(* Let $(S,* )$ be a finite cycle set with structure monoid $M$ and permutation group $\mathcal G$. Then there is a (unique) binary operation $+$ on $\mathcal G$ such that $\psi(g+h)=\psi(g)+\psi(h)$ for all $g,h\in M$, and $(\mathcal G,+)$ is an abelian group; i.e. the commutative structure $(M,+)$ induces an abelian group structure on $\mathcal G$ compatible with $\psi\colon M\to\mathcal G$.
   Context: A cycle set is a set $S$ with a binary operation $*$ such that each $t\mapsto s*t$ is bijective and $(s*t)*(s*u)=(t*s)*(t*u)$ for all $s,t,u$. Write $S=\{s_1,\dots,s_n\}$, let $\psi(s)\in\mathfrak S_n$ satisfy $s_i*s_j=s_{\psi(s_i)(j)}$, and $\mathcal G=\langle\psi(s_1),\dots,\psi(s_n)\rangle\le\mathfrak S_n$. The structure group $G$ (resp. monoid $M$) has group (resp. monoid) presentation $\langle S\mid s(s*t)=t(t*s),\ s\neq t\rangle$; $M$ embeds in $G$. For $\sigma\in\mathfrak S_n$, $P_\sigma$ is the matrix with $1$ at $(i,\sigma(i))$. The assignment $s_i\mapsto\mathrm{diag}(1,\dots,q,\dots,1)P_{\psi(s_i)}$ ($q$ an indeterminate, in position $i$) extends to a faithful representation $\Theta$ of $G$ by monomial matrices; write $\Theta(g)=D_gP_{\psi(g)}$ with $D_g=\mathrm{diag}(q^{c_1},\dots,q^{c_n})$, which defines $\psi(g)\in\mathcal G$ (so $\psi(gh)=\psi(h)\circ\psi(g)$). The map $g\mapsto(c_1,\dots,c_n)$ is a bijection $G\to\mathbb Z^n$ restricting to a bijection $M\to\mathbb N^n$. For $g,h\in G$, $g+h$ denotes the unique element of $G$ with $D_{g+h}=D_gD_h$; $(G,+)$ is an abelian group and $M$ is closed under $+$. *)

From HB Require Import structures.
From mathcomp Require Import all_boot all_fingroup.
Set Implicit Arguments. Unset Strict Implicit. Unset Printing Implicit Defensive.
Local Open Scope group_scope.

Record cycleSet (S : finType) := CycleSet {
  cop : S -> S -> S;
  cop_bij : forall s, bijective (cop s);
  cop_cycle : forall s t u, cop (cop s t) (cop s u) = cop (cop t s) (cop t u)
}.

Definition psi (S : finType) (C : cycleSet S) (s : S) : {perm S} :=
  perm (bij_inj (cop_bij C s)).

Definition permGroup (S : finType) (C : cycleSet S) : {set {perm S}} :=
  <<[set psi C s | s : S]>>.

(* Monomial matrices D_c P_sigma, D_c = diag(q^{c_i}), P_sigma with 1 at
   (i, sigma i), are encoded as pairs (c, sigma).  Product:
   D_a P_s * D_b P_t = D_{i |-> a i + b (s i)} P_{t o s};
   in mathcomp, (s * t) x = t (s x), so t o s is the perm s * t. *)
Definition mono_mul (S : finType) (x y : {ffun S -> nat} * {perm S}) :=
  ([ffun i => x.1 i + y.1 (x.2 i)], x.2 * y.2).

(* Theta(s) = diag(1,..,q,..,1) P_{psi s}  (q in position s). *)
Definition theta_gen (S : finType) (C : cycleSet S) (s : S) :=
  ([ffun i => (i == s) : nat], psi C s).

(* Theta of a word s_1 ... s_k, i.e. of an element of the structure monoid M
   (every element of M is the image of such a word). *)
Fixpoint theta (S : finType) (C : cycleSet S) (w : seq S)
  : {ffun S -> nat} * {perm S} :=
  match w with
  | [::] => ([ffun _ => 0%N], 1)
  | s :: w' => mono_mul (theta_gen C s) (theta C w')
  end.

Definition expv (S : finType) (C : cycleSet S) (w : seq S) := (theta C w).1.
Definition psiM (S : finType) (C : cycleSet S) (w : seq S) := (theta C w).2.

(* w represents g + h when D_w = D_u D_v, i.e. exponent vectors add. *)
Definition is_sum (S : finType) (C : cycleSet S) (u v w : seq S) :=
  expv C w = [ffun i => expv C u i + expv C v i].

Definition psi_compatible (S : finType) (C : cycleSet S)
  (add : {perm S} -> {perm S} -> {perm S}) :=
  forall u v w : seq S, is_sum C u v w -> psiM C w = add (psiM C u) (psiM C v).

Definition abelian_group_on (T : Type) (A : T -> Prop) (add : T -> T -> T) :=
  [/\ forall x y, A x -> A y -> A (add x y),
      forall x y z, A x -> A y -> A z -> add x (add y z) = add (add x y) z,
      forall x y, A x -> A y -> add x y = add y x
    & exists2 e, A e &
        (forall x, A x -> add e x = x) /\
        (forall x, A x -> exists2 y, A y & add x y = e)].

From mathcomp Require Import all_boot all_fingroup.
Set Implicit Arguments. Unset Strict Implicit. Unset Printing Implicit Defensive.

(* The exponent vector of Theta(w) determines psi(w).  For two
   words with equal vectors one argues by induction on the length; when their
   first letters s <> t differ, the cycle-set relation s (s*t) = t (t*s) lets
   both words be rewritten with the common prefix s (s*t).  Writing psiV a for
   psi of the monoid element with vector a, the cocycle rule
   Theta(uv) = Theta(u) Theta(v) gives psiV (a + b) = psiV a * psiV (b o psiV a^-1),
   so psiV (a + b) depends on a only through psiV a, hence by commutativity
   only on psiV a and psiV b.  This defines + on G, and the group laws are
   inherited from (N^S, +); the inverse of psiV a is psiV (b o psiV a) for
   any b with psiV b = (psiV a)^-1. *)

Local Open Scope group_scope.

Section CycleSetSum.

Variables (S : finType) (C : cycleSet S).
Implicit Types (a b c : {ffun S -> nat}) (g : {perm S}).

Local Notation expv := (expv C).
Local Notation psiM := (psiM C).

Lemma psiE s t : psi C s t = cop C s t.
Proof. by rewrite permE. Qed.

Lemma psiM_nil : psiM [::] = 1.
Proof. by []. Qed.

Lemma psiM_cons s w : psiM (s :: w) = psi C s * psiM w.
Proof. by []. Qed.

Lemma expv_cons s w : expv (s :: w) = [ffun i => (i == s) + expv w (psi C s i)].
Proof. by apply/ffunP => i; rewrite !ffunE. Qed.

Lemma expv_cat u v : expv (u ++ v) = [ffun i => expv u i + expv v (psiM u i)].
Proof.
elim: u => [|s u IHu]; apply/ffunP => i; first by rewrite !ffunE perm1.
by rewrite cat_cons !expv_cons !ffunE IHu ffunE psiM_cons permM addnA.
Qed.

Lemma psiM_cat u v : psiM (u ++ v) = psiM u * psiM v.
Proof. by elim: u => [|s u IHu]; rewrite ?mul1g //= !psiM_cons IHu mulgA. Qed.

Lemma expv_cat_eq p q u v :
  expv p = expv q -> psiM p = psiM q -> expv u = expv v ->
  expv (p ++ u) = expv (q ++ v).
Proof. by rewrite !expv_cat => -> -> ->. Qed.

Lemma expv_catl_inj p u v : expv (p ++ u) = expv (p ++ v) -> expv u = expv v.
Proof.
move=> E; apply/ffunP => j.
have := congr1 (fun c => c ((psiM p)^-1 j)) E.
by rewrite !expv_cat !ffunE permKV => /addnI.
Qed.

Lemma expv_cycle s t : expv [:: s; cop C s t] = expv [:: t; cop C t s].
Proof.
apply/ffunP => i; rewrite !expv_cons !ffunE -!psiE !(inj_eq perm_inj).
by rewrite addnCA.
Qed.

Lemma psiM_cycle s t : psiM [:: s; cop C s t] = psiM [:: t; cop C t s].
Proof. by apply/permP => i; rewrite !psiM_cons psiM_nil !mulg1 !permM !psiE cop_cycle. Qed.

Lemma sum_indicator (s : S) : \sum_i ((i == s) : nat) = 1%N.
Proof. by rewrite (bigD1 s) //= eqxx big1 // => i /negbTE ->. Qed.

Lemma sum_expv w : \sum_i expv w i = size w.
Proof.
elim: w => [|s w IHw]; first by rewrite big1 // => i _; rewrite ffunE.
under eq_bigr do rewrite expv_cons ffunE.
rewrite big_split /= sum_indicator -IHw.
by rewrite [in RHS](reindex_inj (@perm_inj _ (psi C s))).
Qed.

Lemma size_expv_eq w1 w2 : expv w1 = expv w2 -> size w1 = size w2.
Proof. by move=> E; rewrite -!sum_expv E. Qed.

Definition tail_expv x c : {ffun S -> nat} :=
  [ffun j => c ((psi C x)^-1 j) - ((psi C x)^-1 j == x)].

Lemma expv_cons_tail x c w :
  0 < c x -> expv w = tail_expv x c -> expv (x :: w) = c.
Proof.
move=> cx_gt0 Ew; apply/ffunP => i; rewrite expv_cons Ew !ffunE permK.
by case: eqP => [->|_]; rewrite ?subn0 // addnC subnK.
Qed.

Lemma sum_tail_expv x c : 0 < c x -> (\sum_i tail_expv x c i).+1 = \sum_i c i.
Proof.
move=> cx_gt0.
rewrite (reindex_inj (@perm_inj _ (psi C x))) -addn1 -(sum_indicator x) -big_split.
apply: eq_bigr => i _; rewrite ffunE permK.
by case: eqP => [->|_]; [exact: subnK | rewrite /= subn0 addn0].
Qed.

Lemma expv_surj c : exists w, expv w = c.
Proof.
have [n] := ubnP (\sum_i c i); elim: n c => // n IHn c.
case: (pickP (fun x => 0 < c x)) => [x cx_gt0 | c0] sum_lt.
  have [|w Ew] := IHn (tail_expv x c); first by rewrite -ltnS sum_tail_expv.
  by exists (x :: w); apply: expv_cons_tail.
by exists [::]; apply/ffunP => i; apply/eqP; rewrite ffunE eq_sym eqn0Ngt c0.
Qed.

Lemma expv_surj_cons c x : 0 < c x -> exists w, expv (x :: w) = c.
Proof.
by move=> cx_gt0; have [w Ew] := expv_surj (tail_expv x c); exists w; apply: expv_cons_tail.
Qed.

Lemma psiM_expv_eq w1 w2 : expv w1 = expv w2 -> psiM w1 = psiM w2.
Proof.
have [n] := ubnP (size w1); elim: n w1 w2 => // n IHn w1 w2 sz_w1 E.
have sz_w2 := size_expv_eq E.
case: w1 w2 sz_w1 E sz_w2 => [|s w1] [|t w2] //= /[!ltnS] lt_w1 E [sz_w2].
have lt_w2 : size w2 < n by rewrite -sz_w2.
have [eq_st|neq_st] := eqVneq s t.
  subst t.
  by rewrite !psiM_cons (IHn w1 w2 lt_w1 (@expv_catl_inj [:: s] w1 w2 E)).
have /expv_surj_cons[u Eu] : 0 < expv w1 (cop C s t).
  move/ffunP/(_ t): E; rewrite !expv_cons !ffunE eqxx !psiE eq_sym.
  by rewrite (negbTE neq_st) add0n => ->.
have /expv_surj_cons[u' Eu'] : 0 < expv w2 (cop C t s).
  move/ffunP/(_ s): E; rewrite !expv_cons !ffunE eqxx !psiE.
  by rewrite (negbTE neq_st) add0n => <-.
have Euu' : expv u = expv u'.
  apply: (@expv_catl_inj [:: s; cop C s t]).
  have Es : expv ([:: s; cop C s t] ++ u) = expv (s :: w1).
    exact: (@expv_cat_eq [:: s] [:: s]).
  have Et : expv ([:: t; cop C t s] ++ u') = expv (t :: w2).
    exact: (@expv_cat_eq [:: t] [:: t]).
  by rewrite Es E -Et; apply: expv_cat_eq; [apply: expv_cycle | apply: psiM_cycle |].
have lt_u : size u < n by rewrite (ltn_trans _ lt_w1) // -(size_expv_eq Eu).
rewrite !psiM_cons (IHn w1 _ lt_w1 (esym Eu)) (IHn w2 _ lt_w2 (esym Eu')).
change (psiM ([:: s; cop C s t] ++ u) = psiM ([:: t; cop C t s] ++ u')).
by rewrite !psiM_cat psiM_cycle (IHn u u' lt_u Euu').
Qed.

Lemma psiM_in_permGroup w : psiM w \in permGroup C.
Proof.
elim: w => [|s w IHw]; first exact: group1.
by rewrite psiM_cons groupM // mem_gen // imset_f.
Qed.

Lemma permGroup_psiM g : g \in permGroup C -> exists w, psiM w = g.
Proof.
case/gen_prodgP => n [c Hc ->].
apply: (big_ind (fun g => exists w, psiM w = g)) => [|_ _ [u <-] [v <-]|i _].
- by exists [::].
- by exists (u ++ v); rewrite psiM_cat.
- by have /imsetP[s _ ->] := Hc i; exists [:: s]; rewrite psiM_cons mulg1.
Qed.

Fact word_of_subproof c : exists w, expv w == c.
Proof. by have [w <-] := expv_surj c; exists w. Qed.

Definition word_of c : seq S := xchoose (word_of_subproof c).

Lemma expv_word_of c : expv (word_of c) = c.
Proof. exact/eqP/(xchooseP (word_of_subproof c)). Qed.

Definition psiV c := psiM (word_of c).

Lemma psiV_expv w : psiV (expv w) = psiM w.
Proof. exact/psiM_expv_eq/expv_word_of. Qed.

Lemma psiV_in_permGroup c : psiV c \in permGroup C.
Proof. exact: psiM_in_permGroup. Qed.

Lemma permGroup_psiV g : g \in permGroup C -> exists c, psiV c = g.
Proof. by case/permGroup_psiM => w <-; exists (expv w); rewrite psiV_expv. Qed.

Definition vadd a b : {ffun S -> nat} := [ffun i => a i + b i].

Lemma vaddC : commutative vadd.
Proof. by move=> a b; apply/ffunP => i; rewrite !ffunE addnC. Qed.

Lemma vaddA : associative vadd.
Proof. by move=> a b c; apply/ffunP => i; rewrite !ffunE addnA. Qed.

Lemma vadd0 : left_id [ffun => 0] vadd.
Proof. by move=> a; apply/ffunP => i; rewrite !ffunE. Qed.

Lemma psiV_cocycle a b : psiV (vadd a [ffun i => b (psiV a i)]) = psiV a * psiV b.
Proof.
rewrite /psiV -psiM_cat; apply: psiM_expv_eq.
by rewrite expv_cat !expv_word_of; apply/ffunP => i; rewrite !ffunE.
Qed.

Lemma psiV_vadd a b : psiV (vadd a b) = psiV a * psiV [ffun i => b ((psiV a)^-1 i)].
Proof. by rewrite -psiV_cocycle; congr psiV; apply/ffunP => i; rewrite !ffunE permK. Qed.

Lemma psiV_vadd_congr a1 a2 b1 b2 :
  psiV a1 = psiV a2 -> psiV b1 = psiV b2 -> psiV (vadd a1 b1) = psiV (vadd a2 b2).
Proof.
have psiV_vaddl a a' b : psiV a = psiV a' -> psiV (vadd a b) = psiV (vadd a' b).
  by rewrite !psiV_vadd => ->.
by move=> /psiV_vaddl Ea /psiV_vaddl Eb; rewrite Ea vaddC Eb vaddC.
Qed.

Fact vec_of_subproof g : exists c, (g \in permGroup C) ==> (psiV c == g).
Proof.
case: (boolP (g \in permGroup C)) => [/permGroup_psiV[c <-] | _]; last by exists [ffun => 0].
by exists c; rewrite eqxx.
Qed.

Definition vec_of g : {ffun S -> nat} := xchoose (vec_of_subproof g).

Lemma psiV_vec_of g : g \in permGroup C -> psiV (vec_of g) = g.
Proof. by move=> Gg; apply/eqP/(implyP (xchooseP (vec_of_subproof g))). Qed.

Definition addG g h := psiV (vadd (vec_of g) (vec_of h)).

Lemma addG_psiV a b : addG (psiV a) (psiV b) = psiV (vadd a b).
Proof. by apply: psiV_vadd_congr; rewrite psiV_vec_of ?psiV_in_permGroup. Qed.

Lemma addG_psi_compatible : psi_compatible C addG.
Proof. by move=> u v w sum_uvw; rewrite -!psiV_expv sum_uvw addG_psiV. Qed.

Lemma addG_abelian_group : abelian_group_on (fun g => g \in permGroup C) addG.
Proof.
split.
- by move=> g h _ _; apply: psiV_in_permGroup.
- move=> _ _ _ /permGroup_psiV[a <-] /permGroup_psiV[b <-] /permGroup_psiV[c <-].
  by rewrite !addG_psiV vaddA.
- by move=> _ _ /permGroup_psiV[a <-] /permGroup_psiV[b <-]; rewrite !addG_psiV vaddC.
exists 1; first exact: group1.
split=> _ /permGroup_psiV[a <-].
  by rewrite -psiM_nil -psiV_expv addG_psiV vadd0.
have /permGroup_psiV[b psiVb] : (psiV a)^-1 \in permGroup C.
  by rewrite groupV psiV_in_permGroup.
exists (psiV [ffun i => b (psiV a i)]); first exact: psiV_in_permGroup.
by rewrite addG_psiV psiV_cocycle psiVb mulgV.
Qed.

Lemma addG_unique add' :
  psi_compatible C add' -> {in permGroup C &, add' =2 addG}.
Proof.
move=> compatible' _ _ /permGroup_psiV[a <-] /permGroup_psiV[b <-].
by rewrite addG_psiV; symmetry; apply: compatible'; rewrite /is_sum !expv_word_of.
Qed.

End CycleSetSum.

Theorem mainTheorem13 (S : finType) (C : cycleSet S) :
  exists add : {perm S} -> {perm S} -> {perm S},
    [/\ psi_compatible C add,
        abelian_group_on (fun g => g \in permGroup C) add
      & forall add' : {perm S} -> {perm S} -> {perm S},
          psi_compatible C add' ->
          forall g h, g \in permGroup C -> h \in permGroup C ->
            add' g h = add g h].
Proof.
exists (addG C); split.
- exact: addG_psi_compatible.
- exact: addG_abelian_group.
- by move=> add' /addG_unique.
Qed.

###

-- Task item --
Would you please copy every line in the data that contains the word "exponent"?

-- Answer box --
(* w represents g + h when D_w = D_u D_v, i.e. exponent vectors add. *)
(* The exponent vector of Theta(w) determines psi(w).  For two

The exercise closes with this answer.